現在她誰也沒有成為,她還是只會埋頭幹活的陸淺淺。
人的性格天生,一根筋的人一輩子一根筋。陸淺淺對傅燁心存愧愧,他兩次在她最痛苦的時候陪在她的身邊。但在他最痛苦的時候,她什麼也做不到。她想償還他,卻無從做起。
「和郭瑩……」她沉默了半天,終於找到了一個話題。
「行啦,咱們能不能不提她。我又不逼著你喜歡我。」傅燁扯了根蒲公英,咬在嘴裡,往後一倒,笑眯眯地說道:「讓我享受一會兒吧,這裡雖然全是魂魄在飄,但還是不乏有美人的。哎,就在你左邊那位……是穿著香奈爾的老太婆,她正在瞪我們,你坐在她最喜歡的一株花上面了。」
陸淺淺往四周看了一眼,涼風吹來。背脊直發涼,她趕緊挪了一下,小聲說:「你趕緊打電|話吧,躺在哪裡不好呢?」
「你怎麼這麼麻煩啦,陪我坐一會兒不行?」傅燁瞟她一眼,抓住她的手腕往下一拽,「躺著吧,我又不能把你怎麼樣。你當我是女人,我們說會兒話。」
陸淺淺倒下去,頭枕在了一片野花里,香味直往鼻尖里鑽。這是半山坡,離墓群有些距離了。風拂動了松枝,松葉嘩啦啦地響。一隻松鼠跳過去,蹬下了樹皮碎屑,落到她的鼻尖上。
傅燁扭頭看她,眸子眯了眯,小聲說:「淺淺,讓我親一個。」
「別這樣。」陸淺淺尷尬地坐了起來,輕聲說:「你是不是事業不太順,心情不好?」
「沒有。」傅燁眸子黯了黯,輕輕搖頭,笑道:「哪有這麼多不順心,我好得很。公司很賺錢。」
「對了……」陸淺淺猶豫了一下,輕聲問:「你有沒有想過,索道車那件事其實是沖你去的?」
「啊?我嗎?」傅燁楞了一下,飛快地抬眸看她。
「不然,我覺得是沖我來的,和紀深爵沒關係。就是單純地和我有仇恨。」陸淺淺又說。
「不會吧,你有什麼仇人。」傅燁撐著雙臂,靠著樹往上坐,「你怎麼會這麼想?」
「喬年說的,那筆錢不知所蹤,不知道去了哪裡。這件事真是奇怪。誰會那麼神通廣大?劉伯一家人也不知道去了哪裡。」陸淺淺咬唇,小聲說道。

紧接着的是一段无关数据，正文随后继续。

Definition j0 : 'I_m := @ord0 (g.*2).+1.
Definition j1 : 'I_m := @Ordinal (g.*2).+2 1 isT.
Definition old (b : 'I_m) : 'I_N := rshift 2 b.
Definition e0 : 'I_N := lshift m (@ord0 1).
Definition e1 : 'I_N := lshift m (@ord_max 1).
Definition f0 : 'I_N := old j0.
Definition f1 : 'I_N := old j1.
Definition generic (b : 'I_m) : bool := (b != j0) && (b != j1).

Variant enl_index (i : 'I_N) : Type :=
  | IE0 of i = e0 | IE1 of i = e1 | IF0 of i = f0 | IF1 of i = f1
  | IOld b of i = old b & generic b.

Lemma enl_indexP i : enl_index i.
Proof.
case: (split_ordP (i : 'I_(2 + m))) => [a ->|b ->].
  case: a => [[|[|a]] ha] //.
  - by apply: IE0; apply/val_inj.
  - by apply: IE1; apply/val_inj.
case: (eqVneq b j0) => [->|h0]; first exact: IF0.
case: (eqVneq b j1) => [->|h1]; first exact: IF1.
by apply: (@IOld _ b erefl); rewrite /generic h0 h1.
Qed.

Variant old_index (i : 'I_m) : Type :=
  | IJ0 of i = j0 | IJ1 of i = j1 | IGen of generic i.

Lemma old_indexP i : old_index i.
Proof.
case: (eqVneq i j0) => [->|h0]; first exact: IJ0.
case: (eqVneq i j1) => [->|h1]; first exact: IJ1.
by apply: IGen; rewrite /generic h0 h1.
Qed.

Lemma old_eq a b : (old a == old b) = (a == b).
Proof. by rewrite [LHS]/eq_op /= eqn_add2l. Qed.
Lemma e0_old b : (e0 == old b) = false. Proof. by rewrite [LHS]/eq_op /= add2n. Qed.
Lemma e1_old b : (e1 == old b) = false. Proof. by rewrite [LHS]/eq_op /= add2n. Qed.
Lemma old_e0 b : (old b == e0) = false. Proof. by rewrite [LHS]/eq_op /= add2n. Qed.
Lemma old_e1 b : (old b == e1) = false. Proof. by rewrite [LHS]/eq_op /= add2n. Qed.
Lemma e0_e1 : (e0 == e1) = false. Proof. by []. Qed.
Lemma e1_e0 : (e1 == e0) = false. Proof. by []. Qed.
Lemma j0_j1 : (j0 == j1) = false. Proof. by []. Qed.
Lemma j1_j0 : (j1 == j0) = false. Proof. by []. Qed.
Lemma generic_j0 b : generic b -> (b == j0) = false. Proof. by case/andP => /negbTE. Qed.
Lemma generic_j1 b : generic b -> (b == j1) = false. Proof. by case/andP => _ /negbTE. Qed.
Lemma j0_generic b : generic b -> (j0 == b) = false.
Proof. by move=> h; rewrite eq_sym generic_j0. Qed.
Lemma j1_generic b : generic b -> (j1 == b) = false.
Proof. by move=> h; rewrite eq_sym generic_j1. Qed.
End Indices.

Lemma ord0_lshift : (@ord0 1) = lshift 1 (@ord0 0). Proof. exact: val_inj. Qed.
Lemma ordmax_rshift : (@ord_max 1) = rshift 1 (@ord0 0). Proof. exact: val_inj. Qed.

Ltac index_eqs :=
  rewrite ?old_eq ?e0_old ?e1_old ?old_e0 ?old_e1 ?e0_e1 ?e1_e0 ?j0_j1 ?j1_j0 ?eqxx;
  repeat match goal with H : is_true (generic ?b) |- _ =>
    progress rewrite ?(generic_j0 H) ?(generic_j1 H) ?(j0_generic H) ?(j1_generic H) end.

Ltac block_entry1 := etransitivity; [first [apply: block_mxEul|apply: block_mxEur
  |apply: block_mxEdl|apply: block_mxEdr|apply: col_mxEu|apply: col_mxEd
  |apply: row_mxEl|apply: row_mxEr]|].
Ltac block_entry := block_entry1; rewrite ?ord0_lshift ?ordmax_rshift; try block_entry1.

Ltac J_entry b := rewrite mxE /= ?add2n ?add0n; case: b => [[|[|[|b]]] hb] //=;
  rewrite ?andbF ?andFb //; try reflexivity.

Section Entries.
Variable g : nat.
Local Notation m := ((g.+1).*2).
Local Notation N := ((g.+2).*2).
Variables (V : 'M[rat]_m) (x : rat) (rho : 'cV[rat]_m).
Local Notation Rv := (row_enl V x rho).
Local Notation Cv := (col_enl V x rho).

Lemma row_enl_e0 (c : 'I_N) : Rv (e0 g) c = 0.
Proof.
case: (split_ordP (c : 'I_(2 + m))) => [a ->|b ->]; rewrite /row_enl /e0;
  block_entry; by rewrite ?mxE.
Qed.
Lemma row_enl_e1e0 : Rv (e1 g) (e0 g) = 1.
Proof. by rewrite /row_enl /e0 /e1; block_entry; rewrite mxE. Qed.
Lemma row_enl_e1e1 : Rv (e1 g) (e1 g) = x.
Proof. by rewrite /row_enl /e1; block_entry; rewrite mxE. Qed.
Lemma row_enl_e1old b : Rv (e1 g) (old b) = rho b 0.
Proof. by rewrite /row_enl /e1 /old; block_entry; rewrite ?mxE. Qed.
Lemma row_enl_olde0 b : Rv (old b) (e0 g) = 0.
Proof. by rewrite /row_enl /e0 /old; block_entry; rewrite ?mxE. Qed.
Lemma row_enl_olde1 b : Rv (old b) (e1 g) = rho b 0.
Proof. by rewrite /row_enl /e1 /old; block_entry; rewrite ?mxE. Qed.
Lemma row_enl_old a b : Rv (old a) (old b) = V a b.
Proof. by rewrite /row_enl /old; block_entry. Qed.

Lemma col_enl_e0 (c : 'I_N) : Cv c (e0 g) = 0.
Proof.
case: (split_ordP (c : 'I_(2 + m))) => [a ->|b ->]; rewrite /col_enl /e0; block_entry.
  by rewrite mxE; case: a => [[|[|]]].
by rewrite ?mxE.
Qed.
Lemma col_enl_e0e1 : Cv (e0 g) (e1 g) = -1.
Proof. by rewrite /col_enl /e0 /e1; block_entry; rewrite mxE. Qed.
Lemma col_enl_e1e1 : Cv (e1 g) (e1 g) = x.
Proof. by rewrite /col_enl /e1; block_entry; rewrite mxE. Qed.
Lemma col_enl_e0old b : Cv (e0 g) (old b) = 0.
Proof. by rewrite /col_enl /e0 /old; block_entry; rewrite ?mxE. Qed.
Lemma col_enl_e1old b : Cv (e1 g) (old b) = rho b 0.
Proof. by rewrite /col_enl /e1 /old; block_entry; rewrite ?mxE. Qed.
Lemma col_enl_olde1 b : Cv (old b) (e1 g) = rho b 0.
Proof. by rewrite /col_enl /e1 /old; block_entry; rewrite ?mxE. Qed.
Lemma col_enl_old a b : Cv (old a) (old b) = V a b.
Proof. by rewrite /col_enl /old; block_entry. Qed.
End Entries.

Section JEntries.
Variable g : nat.

Lemma Jbig_e0e1 : Jmx g.+2 (e0 g) (e1 g) = -1. Proof. by rewrite mxE. Qed.
Lemma Jbig_e1e0 : Jmx g.+2 (e1 g) (e0 g) = 1. Proof. by rewrite mxE. Qed.
Lemma Jbig_e0e0 : Jmx g.+2 (e0 g) (e0 g) = 0. Proof. by rewrite mxE. Qed.
Lemma Jbig_e1e1 : Jmx g.+2 (e1 g) (e1 g) = 0. Proof. by rewrite mxE. Qed.
Lemma Jbig_e0old b : Jmx g.+2 (e0 g) (old b) = 0. Proof. by rewrite mxE. Qed.
Lemma Jbig_e1old b : Jmx g.+2 (e1 g) (old b) = 0. Proof. by rewrite mxE. Qed.
Lemma Jbig_olde0 b : Jmx g.+2 (old b) (e0 g) = 0. Proof. J_entry b. Qed.
Lemma Jbig_olde1 b : Jmx g.+2 (old b) (e1 g) = 0. Proof. J_entry b. Qed.
Lemma Jbig_old a b : Jmx g.+2 (old a) (old b) = Jmx g.+1 a b.
Proof. by rewrite !mxE /= ?add2n ?add0n !negbK !eqSS. Qed.

Lemma J_j0j1 : Jmx g.+1 (j0 g) (j1 g) = -1. Proof. by rewrite mxE. Qed.
Lemma J_j1j0 : Jmx g.+1 (j1 g) (j0 g) = 1. Proof. by rewrite mxE. Qed.
Lemma J_j0j0 : Jmx g.+1 (j0 g) (j0 g) = 0. Proof. by rewrite mxE. Qed.
Lemma J_j1j1 : Jmx g.+1 (j1 g) (j1 g) = 0. Proof. by rewrite mxE. Qed.
Lemma J_genj0 b : generic b -> Jmx g.+1 b (j0 g) = 0.
Proof. rewrite /generic; J_entry b. Qed.
Lemma J_genj1 b : generic b -> Jmx g.+1 b (j1 g) = 0.
Proof. rewrite /generic; J_entry b. Qed.
Lemma J_j0gen b : generic b -> Jmx g.+1 (j0 g) b = 0.
Proof. rewrite /generic; J_entry b. Qed.
Lemma J_j1gen b : generic b -> Jmx g.+1 (j1 g) b = 0.
Proof. rewrite /generic; J_entry b. Qed.
End JEntries.

Ltac enl_entries :=
  rewrite ?row_enl_e0 ?row_enl_e1e0 ?row_enl_e1e1 ?row_enl_e1old ?row_enl_olde0
    ?row_enl_olde1 ?row_enl_old ?col_enl_e0 ?col_enl_e0e1 ?col_enl_e1e1
    ?col_enl_e0old ?col_enl_e1old ?col_enl_olde1 ?col_enl_old.

Ltac J_entries :=
  rewrite ?Jbig_e0e1 ?Jbig_e1e0 ?Jbig_e0e0 ?Jbig_e1e1 ?Jbig_e0old ?Jbig_e1old
    ?Jbig_olde0 ?Jbig_olde1 ?Jbig_old ?J_j0j1 ?J_j1j0 ?J_j0j0 ?J_j1j1;
  repeat match goal with H : is_true (generic ?b) |- _ =>
    progress rewrite ?(J_genj0 H) ?(J_genj1 H) ?(J_j0gen H) ?(J_j1gen H) end.

Section SymplecticMatrix.
Variables (g : nat) (c : rat).
Local Notation m := ((g.+1).*2).
Local Notation N := ((g.+2).*2).

Definition Pc_row (i : 'I_N) : 'rV[rat]_N :=
  match split (i : 'I_(2 + m)) with
  | inl a => if a == ord0 then ebasis (f1 g) - c *: ebasis (e1 g) else - ebasis (f0 g)
  | inr b => if b == j0 g then c *: ebasis (f0 g) + ebasis (e0 g)
             else if b == j1 g then ebasis (e1 g) else ebasis (old b)
  end.
Definition Pc : 'M[rat]_N := \matrix_i Pc_row i.

Definition Pc_inv_row (i : 'I_N) : 'rV[rat]_N :=
  match split (i : 'I_(2 + m)) with
  | inl a => if a == ord0 then ebasis (f0 g) + c *: ebasis (e1 g) else ebasis (f1 g)
  | inr b => if b == j0 g then - ebasis (e1 g)
             else if b == j1 g then ebasis (e0 g) + c *: ebasis (f1 g) else ebasis (old b)
  end.
Definition Pc_inv : 'M[rat]_N := \matrix_i Pc_inv_row i.

Lemma row_Pc_e0 : row (e0 g) Pc = ebasis (f1 g) - c *: ebasis (e1 g).
Proof. by rewrite rowK /Pc_row /e0 (unsplitK (inl _ _)). Qed.
Lemma row_Pc_e1 : row (e1 g) Pc = - ebasis (f0 g).
Proof. by rewrite rowK /Pc_row /e1 (unsplitK (inl _ _)). Qed.
Lemma row_Pc_f0 : row (f0 g) Pc = c *: ebasis (f0 g) + ebasis (e0 g).
Proof. by rewrite rowK /Pc_row /f0 /old (unsplitK (inr _ _)) eqxx. Qed.
Lemma row_Pc_f1 : row (f1 g) Pc = ebasis (e1 g).
Proof. by rewrite rowK /Pc_row /f1 /old (unsplitK (inr _ _)). Qed.
Lemma row_Pc_old b : generic b -> row (old b) Pc = ebasis (old b).
Proof.
case/andP => h0 h1.
by rewrite rowK /Pc_row /old (unsplitK (inr _ _)) (negbTE h0) (negbTE h1).
Qed.

Lemma row_Pc_inv_e0 : row (e0 g) Pc_inv = ebasis (f0 g) + c *: ebasis (e1 g).
Proof. by rewrite rowK /Pc_inv_row /e0 (unsplitK (inl _ _)). Qed.
Lemma row_Pc_inv_e1 : row (e1 g) Pc_inv = ebasis (f1 g).
Proof. by rewrite rowK /Pc_inv_row /e1 (unsplitK (inl _ _)). Qed.
Lemma row_Pc_inv_f0 : row (f0 g) Pc_inv = - ebasis (e1 g).
Proof. by rewrite rowK /Pc_inv_row /f0 /old (unsplitK (inr _ _)) eqxx. Qed.
Lemma row_Pc_inv_f1 : row (f1 g) Pc_inv = ebasis (e0 g) + c *: ebasis (f1 g).
Proof. by rewrite rowK /Pc_inv_row /f1 /old (unsplitK (inr _ _)). Qed.
Lemma row_Pc_inv_old b : generic b -> row (old b) Pc_inv = ebasis (old b).
Proof.
case/andP => h0 h1.
by rewrite rowK /Pc_inv_row /old (unsplitK (inr _ _)) (negbTE h0) (negbTE h1).
Qed.
End SymplecticMatrix.

Ltac Pc_rows :=
  rewrite ?row_Pc_e0 ?row_Pc_e1 ?row_Pc_f0 ?row_Pc_f1
    ?row_Pc_inv_e0 ?row_Pc_inv_e1 ?row_Pc_inv_f0 ?row_Pc_inv_f1;
  repeat match goal with H : is_true (generic ?b) |- _ =>
    progress rewrite ?(row_Pc_old _ H) ?(row_Pc_inv_old _ H) end.

Ltac int_closure :=
  repeat first [ assumption | apply: natr_int | rewrite rpredN
               | apply: rpredD | apply: rpredB | apply: rpredM ].

Section SymplecticMatrixFacts.
Variables (g : nat) (c : rat).

(* P_c preserves J: the pairs (e0, e1) and (f0, f1) are mapped to symplectic
   pairs spanning the same 4-dimensional symplectic subspace. *)
Lemma Pc_symplectic : symplectic (Pc g c).
Proof.
apply/matrixP => i j.
case: (enl_indexP i) => [->|->|->|->|a -> ha];
case: (enl_indexP j) => [->|->|->|->|b -> hb];
  rewrite bilin_entry; Pc_rows; bilin_expand; rewrite /f0 /f1; J_entries; ring.
Qed.

Lemma Pc_inv_mul : Pc_inv g c *m Pc g c = 1%:M.
Proof.
apply/row_matrixP => i; rewrite row_mul row1.
case: (enl_indexP i) => [->|->|->|->|b -> hb]; Pc_rows;
  rewrite ?mulmxDl ?mulNmx -?scalemxAl /ebasis -!rowE; Pc_rows;
  by apply/rowP => j; rewrite !mxE; ring.
Qed.

Lemma Pc_integral : c \is a Num.int -> integral_mx (Pc g c).
Proof.
move=> c_int i j; have -> : Pc g c i j = (row i (Pc g c)) 0 j by rewrite [RHS]mxE.
by case: (enl_indexP i) => [->|->|->|->|b -> hb]; Pc_rows; rewrite !mxE; int_closure.
Qed.

Lemma Pc_inv_integral : c \is a Num.int -> integral_mx (Pc_inv g c).
Proof.
move=> c_int i j; have -> : Pc_inv g c i j = (row i (Pc_inv g c)) 0 j by rewrite [RHS]mxE.
by case: (enl_indexP i) => [->|->|->|->|b -> hb]; Pc_rows; rewrite !mxE; int_closure.
Qed.
End SymplecticMatrixFacts.

Section SeifertEntries.
Variables (g : nat) (V : 'M[rat]_((g.+1).*2)).
Hypothesis sV : seifert V.

Lemma seifert_entry a b : V a b = V b a + Jmx g.+1 a b.
Proof. by rewrite -sV !mxE; ring. Qed.
Lemma seifert_genj0 b : generic b -> V b (j0 g) = V (j0 g) b.
Proof. by move=> h; rewrite seifert_entry J_genj0 // addr0. Qed.
Lemma seifert_genj1 b : generic b -> V b (j1 g) = V (j1 g) b.
Proof. by move=> h; rewrite seifert_entry J_genj1 // addr0. Qed.
Lemma seifert_j1j0 : V (j1 g) (j0 g) = V (j0 g) (j1 g) + 1.
Proof. by rewrite seifert_entry J_j1j0. Qed.
End SeifertEntries.

Section DeltaEntries.
Variables (g : nat) (n : rat).
Local Notation D := (Delta g.+1 n).

Lemma delta_diag_j0 : delta_diag n (j0 g) = n. Proof. by rewrite /delta_diag mxE. Qed.
Lemma delta_diag_j1 : delta_diag n (j1 g) = n^-1. Proof. by rewrite /delta_diag mxE. Qed.
Lemma delta_diag_gen (b : 'I_((g.+1).*2)) : generic b -> delta_diag n b = 1.
Proof. by rewrite /generic /delta_diag mxE eqxx; case: b => [[|[|b]] hb]. Qed.

Lemma Delta_entry a b : D a b = if a == b then delta_diag n a else 0.
Proof. by rewrite /delta_diag !mxE eqxx. Qed.

Lemma Delta_congr_entry (V : 'M[rat]_((g.+1).*2)) a b :
  (D *m V *m D^T) a b = delta_diag n a * (delta_diag n b * V a b).
Proof. by rewrite bilin_entry !row_Delta bilinZl bilinZr bilin_basis. Qed.
End DeltaEntries.

Ltac seifert_simpl sV :=
  repeat match goal with H : is_true (generic ?b) |- _ =>
    progress rewrite ?(seifert_genj0 sV H) ?(seifert_genj1 sV H) ?(delta_diag_gen _ H) end;
  rewrite ?(seifert_j1j0 sV) ?delta_diag_j0 ?delta_diag_j1.

Section EnlargementCongruence.
Variables (g : nat) (c : rat) (V : 'M[rat]_((g.+1).*2)).
Hypotheses (c0 : c != 0) (sV : seifert V).

Definition x_c : rat := V (j1 g) (j1 g) / (c * c).
Definition rho_c : 'cV[rat]_((g.+1).*2) := c^-1 *: col (j1 g) V.
Definition Vt_c : 'M[rat]_((g.+2).*2) := row_enl V x_c rho_c.
Definition Wt_c : 'M[rat]_((g.+2).*2) := Pc g c *m Vt_c *m (Pc g c)^T.
Definition sigma_c : 'cV[rat]_((g.+1).*2) := \col_b Wt_c (e1 g) (old b).

Lemma rho_c_entry b : rho_c b 0 = c^-1 * V b (j1 g). Proof. by rewrite !mxE. Qed.
Lemma sigma_c_entry b : sigma_c b 0 = Wt_c (e1 g) (old b). Proof. by rewrite mxE. Qed.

「讓紀深爵去查,你看看你,愁眉苦臉的,要長皺紋成了老太婆了。」傅燁舉著蒲公英沖她的臉上吹,笑著說道。
白絮沾了她一臉,她抹了一把,輕聲說:「我一定要把這件事弄清楚。」
「不過呢,如果這件事真是沖我來的,那就麻煩了。你知道的,愛我的女人那麼多,沒有上萬,也有上千,誰為愛成狂這可猜不出來。加上這些女人們的男人……那怎麼查得出?」傅燁笑眯眯地問道。
想想也是,傅燁並不是一個能與人結仇的人。他對林惠都能那麼好……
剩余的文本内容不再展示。